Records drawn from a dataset
*****

Lemma perm_graph_connect_map (Z : lgraph r) (f : vert Z -> V) x y :
  (forall e, sigma (lab e) (f (src e)) = f (tgt e)) ->
  connect (@adj r Z) x y -> connect adjY (f x) (f y).
Proof.
move=> f_edge /connectP[s + ->] {y}.
elim: s x => [|y s IHs] x /=; first by rewrite connect0.
case/andP=> /existsP[e /orP[]/andP[/eqP<- /eqP<-]] /IHs.
all: apply: connect_trans; apply: connect1.
  by rewrite -f_edge perm_graph_adj.
by rewrite perm_graph_adj_sym -f_edge perm_graph_adj.
Qed.

Lemma perm_graph_subgraph (Z : lgraph r) (f : vert Z -> V) :
  injective f -> immersion Z -> (forall e, sigma (lab e) (f (src e)) = f (tgt e)) ->
  @subgraph_emb r Z perm_graph f (fun e => (f (src e), lab e)).
Proof.
move=> f_inj Zimm f_edge; split=> // e1 e2 [/f_inj s12 l12].
exact: Zimm.1.
Qed.

Lemma perm_graph_transitive : connected perm_graph ->
  forall u v, exists2 g, g \in <<[set sigma i | i : 'I_r]>> & g u = v.
Proof.
move=> connY u v; have /connectP[p] := connY u v.
elim: p u => [|y p IHp] u /=; first by exists 1; rewrite ?group1 ?perm1.
case/andP=> /existsP[[z i] /= adj_uy] /IHp {}IHp /IHp[g Gg <-].
have Gs : sigma i \in <<[set sigma i | i : 'I_r]>> by rewrite mem_gen ?imset_f.
case/orP: adj_uy => /andP[/eqP<- /eqP<-].
  by exists (sigma i * g); rewrite ?groupM // permM.
by exists ((sigma i)^-1 * g); rewrite ?groupM ?groupV // permM permK.
Qed.

End PermGraph.

Section ImmersionLabels.
Variables (r : nat) (Z : lgraph r).
Hypothesis Zimm : immersion Z.

Lemma immersion_label_perm :
  exists pi : 'I_r -> {perm vert Z}, forall e, pi (lab e) (src e) = tgt e.
Proof.
suff /fin_all_exists[pi pi_e] : forall i, exists s : {perm vert Z},
    forall e, lab e = i -> s (src e) = tgt e.
  by exists pi => e; apply: pi_e.
move=> i; pose p z := omap (@tgt r Z) [pick e | (src e == z) && (lab e == i)].
have pP z u : p z = Some u -> exists e, [/\ src e = z, lab e = i & tgt e = u].
  by rewrite /p; case: pickP => //= e /andP[/eqP se /eqP le] [<-]; exists e.
have [|s sp] := partial_inj_perm (p := p).
  move=> x y u /pP[e1 [<- l1 <-]] /pP[e2 [<- l2 te]].
  by rewrite (Zimm.2 e1 e2) // l1 l2.
exists s => e le; apply: sp; rewrite /p; case: pickP => [e' /andP[/eqP se /eqP le']|].
  by rewrite (Zimm.1 e' e) // le le'.
by move/(_ e); rewrite le !eqxx.
Qed.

*****

* WHAT IS EXPECTED:
Write out a verbatim copy of the data, beginning with its first line and ending with the line that contains "by rewrite -f_edge perm_graph_adj.".

* SOLUTION BELOW:
Lemma perm_graph_connect_map (Z : lgraph r) (f : vert Z -> V) x y :
  (forall e, sigma (lab e) (f (src e)) = f (tgt e)) ->
  connect (@adj r Z) x y -> connect adjY (f x) (f y).
Proof.
move=> f_edge /connectP[s + ->] {y}.
elim: s x => [|y s IHs] x /=; first by rewrite connect0.
case/andP=> /existsP[e /orP[]/andP[/eqP<- /eqP<-]] /IHs.
all: apply: connect_trans; apply: connect1.
  by rewrite -f_edge perm_graph_adj.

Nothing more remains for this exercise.